More seriously, I would like to see a mathematical treatment of the probability of biologically detrimental mutations vs. beneficial or neutral mutations.
That treatment has been done. From the same page:
https://talkorigins.org/indexcc/CB/CB101.html
First, I want to thank you for having this discussion with me. I've been wanting to discuss these ideas with someone for some time.
As to the referenced article, a couple of points stand out to me:
Except the room is entire Earth, it's filled to the brim with most elements of the Periodic table, and constantly receives hundreds of terawatts of energy. Oh, and it actually took several billion years, not one, to come from this to Taj Mahal.
Modern science has shown ways in which many of the organic molecules could be spontaneously formed out of basic elements under conditions observable on early Earth. We're also about to bridge synthesis of organic molecules and synthetic biology.
Intelligent design, on its end, gets stuck with several big questions, like the fact our design is actually very bad, just workable, and the fact we share not only visual properties, but most of our DNA with other animals - particularly other primates.
Not here to alter your beliefs - you do you - but setting the record straight.
So the record is, we've never been able to achieve synthetic biology under the most ideal laboratory circumstances?
What do you mean by bad design?
Just because we share DNA with other animals doesn't mean it wasn't by design.

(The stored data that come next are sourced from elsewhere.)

(* Let $\mathcal{X}$ be an extension-closed subcategory of $\mathcal{C}$ and $\mathcal{W}$ a cogenerator for $\mathcal{X}$. Let $n\ge1$ and $C\in\mathcal{C}$. Consider: (1) $C\in\widehat{\mathcal{X}}_n$; (2) there is an $\mathbb{E}$-triangle $Y_C\to X_C\xrightarrow{\varphi_C}C\dashrightarrow$ with $X_C\in\mathcal{X}$ and $Y_C\in\widehat{\mathcal{W}}_{n-1}$; (3) there is an $\mathbb{E}$-triangle $C\xrightarrow{\psi^C}Y^C\to X^C\dashrightarrow$ with $X^C\in\mathcal{X}$ and $Y^C\in\widehat{\mathcal{W}}_n$. Then (1)$\Leftrightarrow$(2)$\Rightarrow$(3). If moreover $\mathcal{X}$ is closed under CoCones, then (3)$\Rightarrow$(2), so all three are equivalent. If moreover $\mathcal{W}$ is $\mathcal{X}$-injective, then $\varphi_C$ in (2) is an $\mathcal{X}$-precover of $C$ and $\psi^C$ in (3) is a $\widehat{\mathcal{W}}$-preenvelope of $C$.
   Context: $\mathcal{C}=(\mathcal{C},\mathbb{E},\mathfrak{s})$ is an extriangulated category (in the sense of Nakaoka–Palu) with enough projectives and enough injectives; a conflation realizing $\delta\in\mathbb{E}(C,A)$ is written as an $\mathbb{E}$-triangle $A\to B\to C\dashrightarrow$. All subcategories are full, additive, closed under isomorphisms and direct summands. Higher extensions: $\mathbb{E}^1=\mathbb{E}$, $\mathbb{E}^{i+1}(X,Y)=\mathbb{E}(X,\Sigma^iY)\cong\mathbb{E}(\Omega^iX,Y)$. $\mathcal{X}$ is extension-closed if for every $\mathbb{E}$-triangle $A\to B\to C\dashrightarrow$ with $A,C\in\mathcal{X}$ one has $B\in\mathcal{X}$; closed under CoCones if for every $\mathbb{E}$-triangle $A\to B\to C\dashrightarrow$ with $B,C\in\mathcal{X}$ one has $A\in\mathcal{X}$. $\mathcal{W}$ is a cogenerator for $\mathcal{X}$ if $\mathcal{W}\subseteq\mathcal{X}$ and for each $X\in\mathcal{X}$ there is an $\mathbb{E}$-triangle $X\to W\to X'\dashrightarrow$ with $W\in\mathcal{W}$, $X'\in\mathcal{X}$; $\mathcal{W}$ is $\mathcal{X}$-injective if $\mathbb{E}^i(X,W)=0$ for all $X\in\mathcal{X}$, $W\in\mathcal{W}$, $i\ge1$. For a subcategory $\mathcal{Z}$ and $n\ge0$, $\widehat{\mathcal{Z}}_n$ is the subcategory of objects $C$ for which there exist $\mathbb{E}$-triangles $K_{i+1}\to Z_i\to K_i\dashrightarrow$ ($0\le i\le n-1$) with $K_0=C$, all $Z_i\in\mathcal{Z}$ and $K_n\in\mathcal{Z}$ (so $\widehat{\mathcal{Z}}_0=\mathcal{Z}$), and $\widehat{\mathcal{Z}}=\bigcup_n\widehat{\mathcal{Z}}_n$. A morphism $f:X\to C$ is an $\mathcal{X}$-precover if $X\in\mathcal{X}$ and $\mathcal{C}(X',f)$ is surjective for all $X'\in\mathcal{X}$; a $\mathcal{Y}$-preenvelope $g:C\to Y$ is defined dually ($Y\in\mathcal{Y}$ and $\mathcal{C}(g,Y')$ surjective for all $Y'\in\mathcal{Y}$). *)

From HB Require Import structures.
From mathcomp Require Import all_boot all_algebra.
Set Implicit Arguments. Unset Strict Implicit. Unset Printing Implicit Defensive.
Import GRing.Theory.
Local Open Scope ring_scope.

(* Data of an extriangulated category:
   - Mor A B : abelian group of morphisms A -> B, comp g f = g o f;
   - Ex C A  = E(C,A), an abelian group;
   - push a e = a_* e   (a : A -> A', e : E(C,A)),
   - pull c e = c^* e   (c : C' -> C, e : E(C,A));
   - real e x y  <-> the sequence A -x-> B -y-> C belongs to the class s(e). *)
Record ExtriData := {
  Obj : Type;
  Mor : Obj -> Obj -> zmodType;
  comp : forall A B C : Obj, Mor B C -> Mor A B -> Mor A C;
  idm : forall A : Obj, Mor A A;
  Ex : Obj -> Obj -> zmodType;
  push : forall A A' C : Obj, Mor A A' -> Ex C A -> Ex C A';
  pull : forall A C C' : Obj, Mor C' C -> Ex C A -> Ex C' A;
  real : forall A B C : Obj, Ex C A -> Mor A B -> Mor B C -> Prop
}.
Arguments Mor {e} A B.
Arguments comp {e A B C} g f.
Arguments idm {e} A.
Arguments Ex {e} C A.
Arguments push {e A A' C} a x.
Arguments pull {e A C C'} c x.
Arguments real {e A B C} d x y.

Section Extri.
Variable T : ExtriData.
Local Notation O := (Obj T).

Definition cat_axioms : Prop :=
  (forall (A B C D : O) (h : Mor C D) (g : Mor B C) (f : Mor A B),
      comp h (comp g f) = comp (comp h g) f) /\
  (forall (A B : O) (f : Mor A B), comp (idm B) f = f /\ comp f (idm A) = f) /\
  (forall (A B C : O) (g : Mor B C) (f1 f2 : Mor A B),
      comp g (f1 + f2) = comp g f1 + comp g f2) /\
  (forall (A B C : O) (g1 g2 : Mor B C) (f : Mor A B),
      comp (g1 + g2) f = comp g1 f + comp g2 f).

Definition is_biprod (A B S : O) (i1 : Mor A S) (i2 : Mor B S)
    (p1 : Mor S A) (p2 : Mor S B) : Prop :=
  comp p1 i1 = idm A /\ comp p2 i2 = idm B /\ comp p1 i2 = 0 /\
  comp p2 i1 = 0 /\ comp i1 p1 + comp i2 p2 = idm S.

Definition is_zero_obj (Z : O) : Prop := idm Z = 0.

Definition additive_axioms : Prop :=
  (exists Z : O, is_zero_obj Z) /\
  (forall A B : O, exists (S : O) (i1 : Mor A S) (i2 : Mor B S)
      (p1 : Mor S A) (p2 : Mor S B), is_biprod i1 i2 p1 p2).

Definition ET1 : Prop :=
  (forall (A C : O) (e : Ex C A), push (idm A) e = e) /\
  (forall (A A' A'' C : O) (a : Mor A A') (a' : Mor A' A'') (e : Ex C A),
      push (comp a' a) e = push a' (push a e)) /\
  (forall (A C : O) (e : Ex C A), pull (idm C) e = e) /\
  (forall (A C C' C'' : O) (c : Mor C' C) (c' : Mor C'' C') (e : Ex C A),
      pull (comp c c') e = pull c' (pull c e)) /\
  (forall (A A' C C' : O) (a : Mor A A') (c : Mor C' C) (e : Ex C A),
      push a (pull c e) = pull c (push a e)) /\
  (forall (A A' C : O) (a : Mor A A') (e1 e2 : Ex C A),
      push a (e1 + e2) = push a e1 + push a e2) /\
  (forall (A C C' : O) (c : Mor C' C) (e1 e2 : Ex C A),
      pull c (e1 + e2) = pull c e1 + pull c e2) /\
  (forall (A A' C : O) (a1 a2 : Mor A A') (e : Ex C A),
      push (a1 + a2) e = push a1 e + push a2 e) /\
  (forall (A C C' : O) (c1 c2 : Mor C' C) (e : Ex C A),
      pull (c1 + c2) e = pull c1 e + pull c2 e).

Definition seq_equiv (A B B' C : O) (x : Mor A B) (y : Mor B C)
    (x' : Mor A B') (y' : Mor B' C) : Prop :=
  exists (b : Mor B B') (b' : Mor B' B),
    comp b' b = idm B /\ comp b b' = idm B' /\ comp b x = x' /\ comp y' b = y.

Definition ET2 : Prop :=
  (* s(e) is a (nonempty) equivalence class of sequences *)
  (forall (A C : O) (e : Ex C A), exists (B : O) (x : Mor A B) (y : Mor B C),
      real e x y) /\
  (forall (A B B' C : O) (e : Ex C A) (x : Mor A B) (y : Mor B C)
      (x' : Mor A B') (y' : Mor B' C),
      real e x y -> real e x' y' -> seq_equiv x y x' y') /\
  (forall (A B B' C : O) (e : Ex C A) (x : Mor A B) (y : Mor B C)
      (x' : Mor A B') (y' : Mor B' C),
      real e x y -> seq_equiv x y x' y' -> real e x' y') /\
  (forall (A B C A' B' C' : O) (e : Ex C A) (e' : Ex C' A')
      (x : Mor A B) (y : Mor B C) (x' : Mor A' B') (y' : Mor B' C')
      (a : Mor A A') (c : Mor C C'),
      real e x y -> real e' x' y' -> push a e = pull c e' ->
      exists b : Mor B B', comp b x = comp x' a /\ comp y' b = comp c y) /\
  (forall (A C S : O) (i1 : Mor A S) (i2 : Mor C S) (p1 : Mor S A) (p2 : Mor S C),
      is_biprod i1 i2 p1 p2 -> real (0 : Ex C A) i1 p2) /\
  (* additivity: s(e (+) e') = s(e) (+) s(e') *)
  (forall (A A' B B' C C' SA SB SC : O)
      (iA : Mor A SA) (iA' : Mor A' SA) (pA : Mor SA A) (pA' : Mor SA A')
      (iB : Mor B SB) (iB' : Mor B' SB) (pB : Mor SB B) (pB' : Mor SB B')
      (iC : Mor C SC) (iC' : Mor C' SC) (pC : Mor SC C) (pC' : Mor SC C')
      (e : Ex C A) (e' : Ex C' A') (eps : Ex SC SA)
      (x : Mor A B) (y : Mor B C) (x' : Mor A' B') (y' : Mor B' C'),
      is_biprod iA iA' pA pA' -> is_biprod iB iB' pB pB' ->
      is_biprod iC iC' pC pC' ->
      push pA (pull iC eps) = e -> push pA' (pull iC' eps) = e' ->
      push pA (pull iC' eps) = 0 -> push pA' (pull iC eps) = 0 ->
      real e x y -> real e' x' y' ->
      real eps (comp iB (comp x pA) + comp iB' (comp x' pA'))
               (comp iC (comp y pB) + comp iC' (comp y' pB'))).

Definition ET3 : Prop :=
  forall (A B C A' B' C' : O) (e : Ex C A) (e' : Ex C' A')
      (x : Mor A B) (y : Mor B C) (x' : Mor A' B') (y' : Mor B' C')
      (a : Mor A A') (b : Mor B B'),
    real e x y -> real e' x' y' -> comp b x = comp x' a ->
    exists c : Mor C C', comp c y = comp y' b /\ push a e = pull c e'.

Definition ET3op : Prop :=
  forall (A B C A' B' C' : O) (e : Ex C A) (e' : Ex C' A')
      (x : Mor A B) (y : Mor B C) (x' : Mor A' B') (y' : Mor B' C')
      (b : Mor B B') (c : Mor C C'),
    real e x y -> real e' x' y' -> comp y' b = comp c y ->
    exists a : Mor A A', comp x' a = comp b x /\ push a e = pull c e'.

Definition ET4 : Prop :=
  forall (A B C D F : O) (d : Ex D A) (d' : Ex F B)
      (f : Mor A B) (f' : Mor B D) (g : Mor B C) (g' : Mor C F),
    real d f f' -> real d' g g' ->
    exists (E : O) (h' : Mor C E) (dd : Mor D E) (ee : Mor E F) (d'' : Ex E A),
      real d'' (comp g f) h' /\
      comp h' g = comp dd f' /\ comp ee h' = g' /\
      real (push f' d') dd ee /\
      pull dd d'' = d /\ push f d'' = pull ee d'.

Definition ET4op : Prop :=
  forall (A B C D F : O) (d : Ex B D) (d' : Ex C F)
      (f' : Mor D A) (f : Mor A B) (g' : Mor F B) (g : Mor B C),
    real d f' f -> real d' g' g ->
    exists (E : O) (dd : Mor D E) (ee : Mor E F) (h' : Mor E A) (d'' : Ex C E),
      real d'' h' (comp g f) /\
      comp h' dd = f' /\ comp f h' = comp g' ee /\
      real (pull g' d) dd ee /\
      push ee d'' = d' /\ push dd d = pull g d''.

Definition extriangulated : Prop :=
  cat_axioms /\ additive_axioms /\ ET1 /\ ET2 /\ ET3 /\ ET3op /\ ET4 /\ ET4op.

Definition projective (P : O) : Prop :=
  forall (A B C : O) (e : Ex C A) (x : Mor A B) (y : Mor B C),
    real e x y -> forall c : Mor P C, exists b : Mor P B, comp y b = c.

Definition injective (I : O) : Prop :=
  forall (A B C : O) (e : Ex C A) (x : Mor A B) (y : Mor B C),
    real e x y -> forall a : Mor A I, exists b : Mor B I, comp b x = a.

Definition enough_projectives : Prop :=
  forall C : O, exists (A P : O) (x : Mor A P) (y : Mor P C) (e : Ex C A),
    projective P /\ real e x y.

Definition enough_injectives : Prop :=
  forall A : O, exists (I C : O) (x : Mor A I) (y : Mor I C) (e : Ex C A),
    injective I /\ real e x y.

(* E^{i+1}(X,Y) = E(Omega^i X, Y) = 0, for every choice of syzygies
   K_{j+1} -> P_j -> K_j (P_j projective), K_0 = X. *)
Definition ext_succ_zero (i : nat) (X Y : O) : Prop :=
  forall K : nat -> O, K 0%N = X ->
    (forall j : nat, (j < i)%N ->
       exists (P : O) (x : Mor (K j.+1) P) (y : Mor P (K j)) (e : Ex (K j) (K j.+1)),
         projective P /\ real e x y) ->
    forall z : Ex (K i) Y, z = 0.

Definition subcategory (X : O -> Prop) : Prop :=
  (forall (A B : O) (f : Mor A B) (g : Mor B A),
      comp g f = idm A -> comp f g = idm B -> X A -> X B) /\
  (forall (A B S : O) (i1 : Mor A S) (i2 : Mor B S) (p1 : Mor S A) (p2 : Mor S B),
      is_biprod i1 i2 p1 p2 -> X S -> X A /\ X B) /\
  (forall Z : O, is_zero_obj Z -> X Z) /\
  (forall (A B S : O) (i1 : Mor A S) (i2 : Mor B S) (p1 : Mor S A) (p2 : Mor S B),
      is_biprod i1 i2 p1 p2 -> X A -> X B -> X S).

Definition extension_closed (X : O -> Prop) : Prop :=
  forall (A B C : O) (e : Ex C A) (x : Mor A B) (y : Mor B C),
    real e x y -> X A -> X C -> X B.

Definition cocone_closed (X : O -> Prop) : Prop :=
  forall (A B C : O) (e : Ex C A) (x : Mor A B) (y : Mor B C),
    real e x y -> X B -> X C -> X A.

Definition cogenerator (W X : O -> Prop) : Prop :=
  (forall A : O, W A -> X A) /\
  (forall A : O, X A -> exists (W0 X' : O) (x : Mor A W0) (y : Mor W0 X') (e : Ex X' A),
      W W0 /\ X X' /\ real e x y).

Definition rel_injective (W X : O -> Prop) : Prop :=
  forall A W0 : O, X A -> W W0 -> forall i : nat, ext_succ_zero i A W0.

Definition hat (Z : O -> Prop) (n : nat) (C : O) : Prop :=
  exists K : nat -> O, K 0%N = C /\ Z (K n) /\
    forall i : nat, (i < n)%N ->
      exists (Zi : O) (x : Mor (K i.+1) Zi) (y : Mor Zi (K i)) (e : Ex (K i) (K i.+1)),
        Z Zi /\ real e x y.

Definition hat_all (Z : O -> Prop) (C : O) : Prop := exists n : nat, hat Z n C.

Definition precover (X : O -> Prop) (A C : O) (f : Mor A C) : Prop :=
  X A /\ forall (A' : O) (g : Mor A' C), X A' -> exists h : Mor A' A, comp f h = g.

Definition preenvelope (Y : O -> Prop) (C B : O) (g : Mor C B) : Prop :=
  Y B /\ forall (B' : O) (h : Mor C B'), Y B' -> exists k : Mor B B', comp k g = h.

Definition cond2 (X W : O -> Prop) (n : nat) (C : O) : Prop :=
  exists (Y Xc : O) (x : Mor Y Xc) (phi : Mor Xc C) (e : Ex C Y),
    real e x phi /\ X Xc /\ hat W n.-1 Y.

Conditions of early Earth are often complicated to recreate, and it takes a lot of simultaneous reactions going just right to make it work - but Earth had billions of years, and we don't have such a luxury. Still, we are very close, and we already created a lot of biomolecules out of basic blocks like water, carbon dioxide, and ammonia.
Humans have plenty of faults in their design - why do we have reproductive organs, which need to be kept clean, right next or combined with exhaust (urethra/rectum)? Why do we have two legs and vertical organization of the body that adds huge gravitational stress? Why do we have pelvis shaped in a way that makes birthing more painful and complicated? Why people with uterus have bloody and painful periods? Why do we have so many vulnerable spots on the body where they should clearly be reinforced? etc. etc.
We also have plenty of rudimentary organs we don't need anymore, that are either just sitting there for no intelligent reason at all, or are actively causing trouble for us (like appendix or wisdom teeth).
This all doesn't fall into the line of intelligent design, unless divine creatures just enjoy crafting us at random and see how we survive anyway.
Sure, they could still do that, they may engineer us in a very odd and imperfect way, they could make our DNA similar to other animals to make us guess if we actually descent from them instead, etc. But this involves so much jumping through the hoops we may as well cut it off with Occam's razor. Evolutionary theory offers clear sequence of how we got where we are, it shows clear relation of all living organisms and the ways they develop into what we know today. So, it wins.